[BOLT] Fix stale functions when using BAT

Summary:
If collecting data in Intel Skylake machines, we may face a
bug where LBR0 or LBR1 may be duplicated w.r.t. the next entry. This
makes perf2bolt interpret it as an invalid trace, which ordinarily we
discard during aggregation. However, in BAT, since we do not disassemble
the binary where the collection happened but rely only on the
translation table, it is not possible to detect bad traces and discard
them. This gets to the fdata file, and this invalid trace ends up
invalidating the profile for the whole function (by being treated as
stale by BOLT).

In this patch, we detect Skylake by looking for LBRs with 32 entries,
and discard the first 2 entries to avoid running into this problem.

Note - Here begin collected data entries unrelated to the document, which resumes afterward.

Lemma T_op_bound (U : R -> Cx) (z : R) :
  Ccont_on d U -> (forall x, in_gamma d x -> Cmod (U x) <= p) ->
  Cmod (T U z) <= a + weight * K0.
Proof.
  intros HU HUp. unfold T; rewrite T_op_eq.
  eapply Rle_trans; [apply Cmod_sub_le |].
  rewrite !Cmod_mul, Cmod_ofr, Cmod_expi, Cmod_Ci, Cmod_ofr, !Rabs_pos_eq, !Rmult_1_l, Rmult_1_r
    by (auto; apply coefficient_nonneg).
  apply Rplus_le_compat_l.
  assert (Hint : Cmod (CInt (F U z) (- d) d) <= K0 * (d - - d)).
  { apply CInt_bound; [lra | apply integrand_integrable; auto |].
    intros x Hx. unfold F, integrand. rewrite Cmod_mul, Cmod_expi, Rmult_1_l.
    apply kerr_bound; auto; apply Heps_range || apply HUp; unfold in_gamma; lra. }
  unfold weight. pose proof coefficient_nonneg.
  replace (kappa ^ 2 / (2 * Gamma) * (2 * d) * K0) with (kappa ^ 2 / (2 * Gamma) * (K0 * (d - - d)))
    by ring.
  apply Rmult_le_compat_l; auto.
Qed.

(* Contraction estimate: the plane wave cancels and the integrand is
   Lipschitz in U with constant E - 1 + 3 alpha p^2. *)
Lemma T_op_contraction (U V : R -> Cx) (M z : R) :
  Ccont_on d U -> Ccont_on d V ->
  (forall x, in_gamma d x -> Cmod (U x) <= p) ->
  (forall x, in_gamma d x -> Cmod (V x) <= p) ->
  (forall x, in_gamma d x -> Cmod (Csub (U x) (V x)) <= M) ->
  Cmod (Csub (T U z) (T V z)) <= weight * (E - 1 + 3 * alpha * p ^ 2) * M.
Proof.
  intros HU HV HUp HVp HM.
  eapply Rle_trans; [apply T_op_diff; auto |].
  rewrite Cmod_sub_self, Rmult_0_r, Rplus_0_l.
  pose proof (radius_nonneg U p HUp); pose proof E_gt_1; pose proof coefficient_nonneg.
  assert (Hint : Cmod (CInt (fun x => Csub (F U z x) (F V z x)) (- d) d)
                 <= (E - 1 + 3 * alpha * p ^ 2) * M * (d - - d)).
  { apply CInt_bound; [lra | apply CIntegrable_minus; apply integrand_integrable; auto |].
    intros x Hx. assert (Hx' : in_gamma d x) by (unfold in_gamma; lra).
    eapply Rle_trans; [apply (integrand_lipschitz_U alpha Gamma E p); auto |].
    apply Rmult_le_compat_l; [nra | auto]. }
  unfold weight.
  replace (kappa ^ 2 / (2 * Gamma) * (2 * d) * (E - 1 + 3 * alpha * p ^ 2) * M)
    with (kappa ^ 2 / (2 * Gamma) * ((E - 1 + 3 * alpha * p ^ 2) * M * (d - - d))) by ring.
  apply Rmult_le_compat_l; auto.
Qed.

It also fixes an issue with collision in the translation map by
prioritizing the last basic block when more than one share the same
output address.

(cherry picked from FBD17996791)
This commit is contained in:
Rafael Auler 2019-10-17 16:35:57 -07:00 committed by Maksim Panchenko
parent 103b0a77cc
commit b807641e2a
3 changed files with 24 additions and 2 deletions

View File

@ -33,7 +33,14 @@ void BoltAddressTranslation::writeEntriesForBB(MapTy &Map,
DEBUG(dbgs() << "BB " << BB.getName() <<"\n");
DEBUG(dbgs() << " Key: " << Twine::utohexstr(Key)
<< " Val: " << Twine::utohexstr(Val) << "\n");
Map.insert(std::pair<uint32_t, uint32_t>(Key, Val));
// In case of conflicts (same Key mapping to different Vals), the last
// update takes precedence. Of course it is not ideal to have conflicts and
// those happen when we have an empty BB that either contained only
// NOPs or a jump to the next block (successor). Either way, the successor
// and this deleted block will both share the same output address (the same key),
// and we need to map back. We choose here to privilege the successor by
// allowing it to overwrite the previously inserted key in the map.
Map[Key] = Val;
// Look for special instructions we are interested in mapping offsets. These
// are key instructions for the profile identified by

View File

@ -1204,6 +1204,7 @@ std::error_code DataAggregator::parseBranchEvents() {
uint64_t NumSamples{0};
uint64_t NumSamplesNoLBR{0};
uint64_t NumTraces{0};
bool NeedsSkylakeFix{false};
while (hasData()) {
++NumTotalSamples;
@ -1226,11 +1227,25 @@ std::error_code DataAggregator::parseBranchEvents() {
}
NumEntries += Sample.LBR.size();
if (BAT && NumEntries == 32 && !NeedsSkylakeFix) {
outs() << "BOLT-WARNING: Using Intel Skylake bug workaround\n";
NeedsSkylakeFix = true;
}
// LBRs are stored in reverse execution order. NextPC refers to the next
// recorded executed PC.
uint64_t NextPC = opts::UseEventPC ? Sample.PC : 0;
uint32_t NumEntry{0};
for (const auto &LBR : Sample.LBR) {
++NumEntry;
// Hardware bug workaround: Intel Skylake (which has 32 LBR entries)
// sometimes record entry 32 as an exact copy of entry 31. This will cause
// us to likely record an invalid trace and generate a stale function for
// BAT mode (non BAT disassembles the function and is able to ignore this
// trace at aggregation time). Drop first 2 entries (last two, in
// chronological order)
if (NeedsSkylakeFix && NumEntry <= 2)
continue;
if (NextPC) {
// Record fall-through trace.
const auto TraceFrom = LBR.To;

View File

@ -53,7 +53,7 @@ class BoltAddressTranslation;
class DataAggregator : public DataReader {
struct PerfBranchSample {
SmallVector<LBREntry, 16> LBR;
SmallVector<LBREntry, 32> LBR;
uint64_t PC;
};